Tim Finn is best known for his pop band Split Enz. His musical, Ladies in Black, had an initial successful season in Brisbane, winning the 2016 Helpmann Award for best new Australian work, and was restaged that year in Melbourne, and again in 2017.
The reviews were mixed. The Age called it: “a unicorn of the stage: a full-blown, home-grown musical that actually works … probably the best Aussie musical since Priscilla went global”. But Ben Neutze of the Daily Review said it was “sweetly bland at its best and inept at its worst”, with most of his negative criticism targeted at the song-lyrics:
The vast majority of the lyrics are either clunky, blunt or banal. The show features far too many overworked or dreadful rhymes (no, rhyming “bastard” with “custard” isn’t a decent punchline), instances of emotionally repressed characters simply baldly declaring their feelings, and moments in which the musical emphasis falls on an inappropriate lyric.

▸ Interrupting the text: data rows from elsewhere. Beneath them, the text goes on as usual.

Lemma Cmod_cis (x : R) : Cmod (cis x) = 1.
Proof.
rewrite /Cmod /cis /=.
have -> : cos x * (cos x * 1) + sin x * (sin x * 1) = 1.
  by have := sin2_cos2 x; rewrite /Rsqr; lra.
exact: sqrt_1.
Qed.

Section ComplexIntegral.

Implicit Types (f : R -> C) (a b : R).

Lemma is_CInt f a b :
  (forall x, continuous f x) -> is_RInt f a b (CInt f a b).
Proof.
move=> hf; apply: (RInt_correct (V:=C_R_CompleteNormedModule)).
by apply: ex_RInt_continuous => x _.
Qed.

Lemma continuous_CInt f a (x : R) :
  (forall y, continuous f y) -> continuous (fun u => CInt f a u) x.
Proof.
move=> hf; apply: (continuous_RInt_1 f a x).
by apply: filter_forall => u; apply: is_CInt.
Qed.

Lemma is_RInt_Cmult_l (c : C) f a b (l : C) :
  is_RInt f a b l -> is_RInt (fun x => (c * f x)%C) a b (c * l)%C.
Proof.
move=> hf.
have h1 := is_RInt_fct_extend_fst (U:=R_NormedModule) (V:=R_NormedModule) f a b l hf.
have h2 := is_RInt_fct_extend_snd (U:=R_NormedModule) (V:=R_NormedModule) f a b l hf.
apply: (is_RInt_fct_extend_pair (U:=R_NormedModule) (V:=R_NormedModule)) => /=.
- apply: (is_RInt_ext (fun x => minus (scal c.1 (f x).1) (scal c.2 (f x).2))) => [//|].
  by apply: is_RInt_minus; apply: is_RInt_scal.
- apply: (is_RInt_ext (fun x => plus (scal c.1 (f x).2) (scal c.2 (f x).1))) => [//|].
  by apply: is_RInt_plus; apply: is_RInt_scal.
Qed.

Lemma CInt_lin (c1 c2 : C) (f1 f2 : R -> C) a b :
  (forall x, continuous f1 x) -> (forall x, continuous f2 x) ->
  CInt (fun x => (c1 * f1 x + c2 * f2 x)%C) a b =
  (c1 * CInt f1 a b + c2 * CInt f2 a b)%C.
Proof.
move=> h1 h2; apply: (is_RInt_unique (V:=C_R_CompleteNormedModule)).
by apply: is_RInt_plus; apply: is_RInt_Cmult_l; apply: is_CInt.
Qed.

Lemma CInt_ext f g a b :
  (forall x, Rmin a b < x < Rmax a b -> f x = g x) -> CInt f a b = CInt g a b.
Proof. exact: (RInt_ext (V:=C_R_CompleteNormedModule)). Qed.

Lemma CInt_0 a b : CInt (fun _ => 0%C) a b = 0%C.
Proof. by rewrite /CInt RInt_const; apply: (scal_zero_r (V:=C_R_NormedModule)). Qed.

Lemma Cmod_CInt_le f a b (M : R) :
  a <= b -> (forall x, continuous f x) ->
  (forall x, a <= x <= b -> Cmod (f x) <= M) -> Cmod (CInt f a b) <= (b - a) * M.
Proof.
move=> hab hf hM; rewrite Cmod_norm.
apply: (norm_RInt_le_const (V:=C_R_NormedModule) f a b (CInt f a b) M hab).
- by move=> x hx; rewrite -Cmod_norm; apply: hM.
- exact: is_CInt.
Qed.

End ComplexIntegral.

The language often jars, in contrast with the sharp and subtle period dialogue of the novel. Finn would have been better served using St John’s actual words and studying the Great American Songbook and the works of the brilliant composer-lyricists who mastered the art of writing for musicals in the early twentieth century.
Nevertheless, the film probably would never have been made if it hadn’t been for the musical which helped bring Beresford’s long-time dream to fruition. That—and the unexpected arrival of an angel. Beresford said:
In 2017, a phone call came from a vivacious young woman named Allanah Zitserman, who had emigrated from Russia to Australia with her family as a child. She was captivated, in particular, by the migrant theme in The Women in Black. She proceeded to focus her awesome energy into raising finance for the film—the script that Sue and I had written, not the musical adaptation.

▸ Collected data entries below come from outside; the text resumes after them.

(** truncated multiple q-sum
    sum_{N > k1 > ... > kd > 0} prod_j q^{k_j t_j} / (1 - q^{k_j})^{s_j},
    for the list of pairs [(t1,s1);...;(td,sd)]. *)
Definition qterm (q : C) (t s k : nat) : C :=
  qpow q (k * t) / pow_n (1 - qpow q k) s.

Fixpoint qtrunc (q : C) (ts : list (nat * nat)) (N : nat) : C :=
  match ts with
  | nil => 1
  | (t, s) :: rest =>
      sumC (fun k => match k with
                     | O => 0
                     | _ => qterm q t s k * qtrunc q rest k
                     end) N
  end.

Definition frakz_is (q : C) (ts : list (nat * nat)) (z : C) : Prop :=
  filterlim (qtrunc q ts) eventually (locally z).

Definition weight (ts : list (nat * nat)) : nat := fold_right (fun p w => (snd p + w)%nat) O ts.

Definition zeta_is (q : C) (ts : list (nat * nat)) (z : C) : Prop :=
  filterlim (fun N => pow_n (1 - q) (weight ts) * qtrunc q ts N) eventually (locally z).

Definition type_claim (q : C) (ts : list (nat * nat)) (F : ps) : Prop :=
  exists z : C, value_at_1 F z /\ frakz_is q ts z /\
                zeta_is q ts (pow_n (1 - q) (weight ts) * z).

Definition blockI (q : C) (s : nat) : ps -> ps := fun a => opow (s - 1) (Rop q) (Pop q a).
Definition blockII (q : C) (s : nat) : ps -> ps := opow s (Rop q).
Definition blockIII1 (q : C) (s : nat) : ps -> ps := fun a => opow (s - 1) (Pop q) (Rop q a).
Definition blockIII (q : C) (s : nat) : ps -> ps := opow s (Pop q).

Definition tI (s : list nat) := map (fun x => (x - 1, x)%nat) s.
Definition tII (s : list nat) := map (fun x => (x, x)) s.

Definition tIreg (s : list nat) (rep : list bool) : list (nat * nat) :=
  map (fun p : nat * bool => if snd p then (1, 1)%nat else (fst p - 1, fst p)%nat)
      (combine s rep).
Definition FIreg (q : C) (s : list nat) (rep : list bool) : ps :=
  build (map (fun p : nat * bool => if snd p then Rop q else blockI q (fst p))
             (combine s rep)).

From Pilot Require Import Defs.
From Stdlib Require Import Reals List Lia Lra.
From Coquelicot Require Import Coquelicot.
Open Scope C_scope.

(* Every operator block B_j (a composite of P and R) multiplies the coefficient
   of t^n by q^(n t_j) / (1 - q^n)^(s_j) and kills the constant term, while
   multiplication by y = t/(1-t) replaces coefficients by partial sums.  Hence
   the partial sums at t = 1 of the nested series are exactly the truncations
   k_1 < N of the multiple q-sum, so both limits exist together and agree.
   Convergence for t_1 >= 1: the inner truncations grow at most like c^N for
   every c > 1, since each factor is bounded by (1 - |q|)^(-s_j), and the
   outer factor q^(n t_1) decays like |q|^n. *)

Lemma pow_n_neq0 (z : C) k : z <> 0 -> (pow_n z k : C) <> 0.
Proof.
  intros Hz. apply Cmod_gt_0. change (0 < Cmod (z ^ k))%R.
  rewrite Cmod_pow. apply pow_lt. now apply Cmod_gt_0.
Qed.

Lemma sumC_ext f g n : (forall k, f k = g k) -> sumC f n = sumC g n.
Proof. intros E. induction n as [|n IH]; simpl; congruence. Qed.

Lemma sum_n_sumC (a : nat -> C) N : sum_n a N = sumC a (S N).
Proof.
  induction N as [|N IH]; [rewrite sum_O; simpl; ring|].
  rewrite sum_Sn, IH. reflexivity.
Qed.

Lemma filterlim_of_succ {T : UniformSpace} (f : nat -> T) (z : T) :
  filterlim (fun N => f (S N)) eventually (locally z) ->
  filterlim f eventually (locally z).
Proof.
  intros H P HP. destruct (H P HP) as [M HM].
  exists (S M). intros [|n] Hn; [lia|]. apply HM. lia.
Qed.

Lemma Cmod_sumC_le_geometric (f : nat -> C) (M c : R) : (0 <= M)%R ->
  (forall k, Cmod (f k) <= M * (c - 1) * c ^ k)%R ->
  forall n, (Cmod (sumC f n) <= M * c ^ n)%R.
Proof.
  intros HM Hf n. induction n as [|n IH]; simpl sumC.
  - rewrite Cmod_0. simpl. lra.
  - eapply Rle_trans; [apply Cmod_triangle|].
    specialize (Hf n). simpl. nra.
Qed.

Section NestedSeries.
Variable q : C.
Hypothesis hq : (Cmod q < 1)%R.

Lemma Cmod_qpow_le n : (1 <= n)%nat -> (Cmod (qpow q n) <= Cmod q)%R.
Proof.
  intros Hn. unfold qpow. change (Cmod (q ^ n) <= Cmod q)%R. rewrite Cmod_pow.
  destruct n as [|n]; [lia|]. simpl.
  pose proof (Cmod_ge_0 q).
  assert (Cmod q ^ n <= 1)%R by (rewrite <- (pow1 n); apply pow_incr; lra).
  nra.
Qed.

Lemma one_sub_qpow_neq0 n : (1 <= n)%nat -> 1 - qpow q n <> 0.
Proof.
  intros Hn E. pose proof (Cmod_qpow_le n Hn) as Hle.
  replace (qpow q n) with (RtoC 1) in Hle
    by (replace (qpow q n) with (1 - (1 - qpow q n)) by ring; rewrite E; ring).
  rewrite Cmod_1 in Hle. lra.
Qed.

Lemma qterm_mul t s t' s' n : (1 <= n)%nat ->
  qterm q t s n * qterm q t' s' n = qterm q (t + t') (s + s') n.
Proof.
  intros Hn. pose proof (one_sub_qpow_neq0 n Hn) as H.
  pose proof (pow_n_neq0 _ s H). pose proof (pow_n_neq0 _ s' H).
  unfold qterm, qpow in *. rewrite Nat.mul_add_distr_l, !pow_n_plus.
  change mult with Cmult. field. auto.
Qed.

Definition acts_by_qterm (B : ps -> ps) (ts : nat * nat) : Prop :=
  forall a, B a O = 0 /\
            forall n, (1 <= n)%nat -> B a n = qterm q (fst ts) (snd ts) n * a n.

Lemma acts_by_qterm_ext B B' ts :
  (forall a, B a = B' a) -> acts_by_qterm B ts -> acts_by_qterm B' ts.
Proof. intros E H a. rewrite <- E. apply H. Qed.

Lemma Rop_acts : acts_by_qterm (Rop q) (1, 1)%nat.
Proof.
  intros a. split; [reflexivity|]. intros [|n] Hn; [lia|].
  pose proof (one_sub_qpow_neq0 (S n) Hn).
  change (a (S n) * qpow q (S n) / (1 - qpow q (S n))
          = qpow q (S n * 1) / pow_n (1 - qpow q (S n)) 1 * a (S n)).
  rewrite Nat.mul_1_r.
  change (pow_n (1 - qpow q (S n)) 1) with ((1 - qpow q (S n)) * 1). field. auto.
Qed.

Lemma Pop_acts : acts_by_qterm (Pop q) (0, 1)%nat.
Proof.
  intros a. split; [reflexivity|]. intros [|n] Hn; [lia|].
  pose proof (one_sub_qpow_neq0 (S n) Hn).
  change (a (S n) / (1 - qpow q (S n))
          = qpow q (S n * 0) / pow_n (1 - qpow q (S n)) 1 * a (S n)).
  rewrite Nat.mul_0_r.
  change (qpow q 0 / pow_n (1 - qpow q (S n)) 1) with (1 / ((1 - qpow q (S n)) * 1)).
  field. auto.
Qed.

Lemma acts_by_qterm_comp B B' ts ts' :
  acts_by_qterm B ts -> acts_by_qterm B' ts' ->
  acts_by_qterm (fun a => B (B' a)) (fst ts + fst ts', snd ts + snd ts')%nat.
Proof.
  intros H H' a. destruct (H (B' a)) as [H0 HS]. split; [exact H0|].
  intros n Hn. simpl. rewrite HS, (proj2 (H' a)), Cmult_assoc, qterm_mul by lia.
  reflexivity.
Qed.

Lemma acts_by_qterm_iter T B k t s ts :
  acts_by_qterm T (t, s) -> acts_by_qterm B ts ->
  acts_by_qterm (fun a => opow k T (B a)) (k * t + fst ts, k * s + snd ts)%nat.
Proof.
  intros HT HB. induction k as [|k IH]; [exact HB|].
  replace (S k * t + fst ts)%nat with (t + (k * t + fst ts))%nat by lia.
  replace (S k * s + snd ts)%nat with (s + (k * s + snd ts))%nat by lia.
  exact (acts_by_qterm_comp _ _ _ _ HT IH).
Qed.

Lemma blockI_acts s : (1 <= s)%nat -> acts_by_qterm (blockI q s) (s - 1, s)%nat.
Proof.
  intros Hs. replace (s - 1, s)%nat with ((s - 1) * 1 + 0, (s - 1) * 1 + 1)%nat
    by (f_equal; lia).
  exact (acts_by_qterm_iter _ _ (s - 1) _ _ _ Rop_acts Pop_acts).
Qed.

Lemma blockII_acts s : (1 <= s)%nat -> acts_by_qterm (blockII q s) (s, s).
Proof.
  intros Hs. replace (s, s) with ((s - 1) * 1 + 1, (s - 1) * 1 + 1)%nat
    by (f_equal; lia).
  apply (acts_by_qterm_ext (fun a => opow (s - 1) (Rop q) (Rop q a))).
  - intros a. destruct s as [|s]; [lia|]. rewrite Nat.sub_succ, Nat.sub_0_r.
    symmetry. apply Nat.iter_succ_r.
  - exact (acts_by_qterm_iter _ _ (s - 1) _ _ _ Rop_acts Rop_acts).
Qed.

Lemma blockIII1_acts s : (1 <= s)%nat -> acts_by_qterm (blockIII1 q s) (1, s)%nat.
Proof.
  intros Hs. replace (1, s)%nat with ((s - 1) * 0 + 1, (s - 1) * 1 + 1)%nat
    by (f_equal; lia).
  exact (acts_by_qterm_iter _ _ (s - 1) _ _ _ Pop_acts Rop_acts).
Qed.

Lemma blockIII_acts s : (1 <= s)%nat -> acts_by_qterm (blockIII q s) (0, s)%nat.
Proof.
  intros Hs. replace (0, s)%nat with ((s - 1) * 0 + 0, (s - 1) * 1 + 1)%nat
    by (f_equal; lia).
  apply (acts_by_qterm_ext (fun a => opow (s - 1) (Pop q) (Pop q a))).
  - intros a. destruct s as [|s]; [lia|]. rewrite Nat.sub_succ, Nat.sub_0_r.
    symmetry. apply Nat.iter_succ_r.
  - exact (acts_by_qterm_iter _ _ (s - 1) _ _ _ Pop_acts Pop_acts).
Qed.

Lemma sumC_build bs ts : Forall2 acts_by_qterm bs ts ->
  forall N, (1 <= N)%nat -> sumC (build bs) N = qtrunc q ts N.
Proof.
  induction 1 as [|B [t s] bs ts HB Hbs IH]; intros N HN.
  - destruct N as [|N]; [lia|]. clear HN. change (sumC Defs.one (S N) = 1).
    induction N as [|N IHN]; [simpl; ring|].
    change (sumC Defs.one (S N) + 0 = 1). rewrite IHN. ring.
  - simpl. apply sumC_ext. intros [|k]; [apply HB|].
    rewrite (proj2 (HB _)) by lia. unfold ymul. rewrite IH by lia. reflexivity.
Qed.

Lemma frakz_is_of_value_at_1 bs ts z : Forall2 acts_by_qterm bs ts ->
  value_at_1 (build bs) z -> frakz_is q ts z.
Proof.
  intros H Hz. apply filterlim_of_succ.
  eapply filterlim_ext; [|exact Hz]. intros N. simpl.
  rewrite sum_n_sumC. apply sumC_build; [exact H | lia].
Qed.

Lemma zeta_is_of_frakz_is ts z :
  frakz_is q ts z -> zeta_is q ts (pow_n (1 - q) (weight ts) * z).
Proof.
  intros H. exact (filterlim_comp _ _ _ _
    (fun x : C_NormedModule => scal (pow_n (1 - q) (weight ts) : C) x) _ _ _
    H (filterlim_scal_r _ _)).
Qed.

Lemma Cmod_one_sub_qpow_ge n : (1 <= n)%nat -> (1 - Cmod q <= Cmod (1 - qpow q n))%R.
Proof.
  intros Hn. pose proof (Cmod_triangle (1 - qpow q n) (qpow q n)) as H.
  replace (1 - qpow q n + qpow q n) with (RtoC 1) in H by ring.
  rewrite Cmod_1 in H. pose proof (Cmod_qpow_le n Hn). lra.
Qed.

Lemma Cmod_qterm_le t s n : (1 <= n)%nat ->
  (Cmod (qterm q t s n) <= Cmod q ^ (n * t) * (/ (1 - Cmod q)) ^ s)%R.
Proof.
  intros Hn. pose proof (one_sub_qpow_neq0 n Hn) as H.
  pose proof (Cmod_one_sub_qpow_ge n Hn).
  unfold qterm, qpow, Cdiv. rewrite Cmod_mult, Cmod_inv by (apply pow_n_neq0, H).
  change (Cmod (q ^ (n * t)) * / Cmod ((1 - q ^ n) ^ s)
          <= Cmod q ^ (n * t) * (/ (1 - Cmod q)) ^ s)%R.
  rewrite !Cmod_pow, pow_inv.
  apply Rmult_le_compat_l; [apply pow_le, Cmod_ge_0|].
  apply Rinv_le_contravar; [apply pow_lt; lra|].
  apply pow_incr. split; [lra | exact H0].
Qed.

One of the members of my extended family, now in her nineties, worked at David Jones during the 1950s. She and a few of her friends saw both the musical and the film. They all agreed that one detail omitted was that during the post-Christmas sales, women customers always wore their gloves and hats when they shopped!
Beresford kept the Ladies in Black title change, but, wisely, did not use the musical’s songs for the movie, as he wanted to stay faithful to the dialogue of the novel. He commissioned a song from Finn to play over the closing titles, the beautiful “Always Be Happy”. Finn had sent the recording to Beresford, with his thirteen-year-old daughter, Elliot, singing a guide vocal to demonstrate how the song could sound. Rather than record a new version with a professional singer, Beresford liked Elliot’s version so much he decided to use that.
Always Be Happy
Don’t lose your guiding light,
to the joys of the night,
don’t give up even when your heart is breaking.

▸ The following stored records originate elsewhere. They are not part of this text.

(* Let $N$ be a positive integer, $L>0$, and $\zeta=(\zeta_0,\dots,\zeta_{N+2})\in\mathbb{R}^{N+3}$ with $\zeta_0>\zeta_1>\dots>\zeta_{N+1}>\zeta_{N+2}=0$. With $W^\zeta$ as defined in the context, if $\bar y=(\bar y_0,\dots,\bar y_N)\in\mathbb{R}^{N+1}$ satisfies $\bar y_k\geq0$ and $\bar y_n=0$ for some $0\leq k<n\leq N$, then \[ \frac{\partial}{\partial y_n}W^\zeta(\bar y)=0. \]
   Context: Let $e_0,\dots,e_N$ denote the standard unit vectors of $\mathbb{R}^{N+1}$ (zero-based indexing), and write $y=(y_0,\dots,y_N)$. Define for $i=0,\dots,N+1$: $x_i=-\sum_{j=0}^{i-1}\frac{\zeta_j-\zeta_{i+1}}{\sqrt{\zeta_j-\zeta_{j+1}}}e_j\in\mathbb{R}^{N+1}$; $g_i=L\sqrt{\zeta_i-\zeta_{i+1}}\,e_i$ for $i=0,\dots,N$ and $g_{N+1}=0$; $f_i=\frac L2(\zeta_i+\zeta_{i+1})$ for $i=0,\dots,N$ and $f_{N+1}=0$. For $y\in\mathbb{R}^{N+1}$, $\nu\in\mathbb{R}^{N+1}$, $\alpha=(\alpha_0,\dots,\alpha_{N+1})\in\mathbb{R}^{N+2}$ let $w^\zeta(y,\nu,\alpha)=\frac L2\|y+\nu-\sum_{i=0}^{N+1}\alpha_i(x_i-\frac1Lg_i)\|^2+\sum_{i=0}^{N+1}\alpha_i(f_i-\frac1{2L}\|g_i\|^2)$, and $W^\zeta(y)=\min\{w^\zeta(y,\nu,\alpha):\nu\in\mathbb{R}^{N+1}_+,\ \alpha\in\Delta_{N+2}\}$, where $\mathbb{R}^{N+1}_+$ is the nonnegative orthant and $\Delta_{N+2}=\{\alpha\in\mathbb{R}^{N+2}:\alpha_i\geq0,\ \sum_i\alpha_i=1\}$. ($W^\zeta$ is differentiable.) *)

From Stdlib Require Import Reals Lra.
From Coquelicot Require Import Coquelicot.
Open Scope R_scope.

(* Vectors of R^{N+1} are represented as functions nat -> R; only the
   components 0..N are ever used.  zeta : nat -> R, components 0..N+2 used.
   Sums: sum_n a m = a 0 + ... + a m. *)

(* j-th component of x_i, for i = 0..N+1, j = 0..N *)
Definition xv (zeta : nat -> R) (i j : nat) : R :=
  if (j <? i)%nat
  then - ((zeta j - zeta (S i)) / sqrt (zeta j - zeta (S j)))
  else 0.

(* j-th component of g_i; g_{N+1} = 0 *)
Definition gv (N : nat) (L : R) (zeta : nat -> R) (i j : nat) : R :=
  if ((i <=? N) && (j =? i))%bool
  then L * sqrt (zeta i - zeta (S i))
  else 0.

(* f_i ; f_{N+1} = 0 *)
Definition fv (N : nat) (L : R) (zeta : nat -> R) (i : nat) : R :=
  if (i <=? N)%nat then L / 2 * (zeta i + zeta (S i)) else 0.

How strange everything feels,
my life’s become real,
a work of art that’s mine for the making.
No matter what happens,
always be happy,
for a glorious day.
The innocence and yearning of this song are a poignant counterpoint to the real-life story of St John and her difficult childhood. “Always Be Happy” adds a sublime touch to this idealised depiction of how St John would have liked her childhood to be. It is a wonderful close, taking Beresford’s movie to another memorable level.
In her final years, St John carried an oxygen cylinder around with her everywhere she went, to relieve her emphysema. In the obituary for the Independent, Christopher Potter wrote:
She lived by a strict moral code, the rules of which were only truly clear to herself … the control and desire for anonymity were typical St John qualities. At her death, her always Spartan flat was found to have been even further denuded. An obviously brand-new address book contained the telephone numbers of only a handful of people.
Bruce Beresford’s Ladies in Black was released in cinemas last year and is now available on DVD.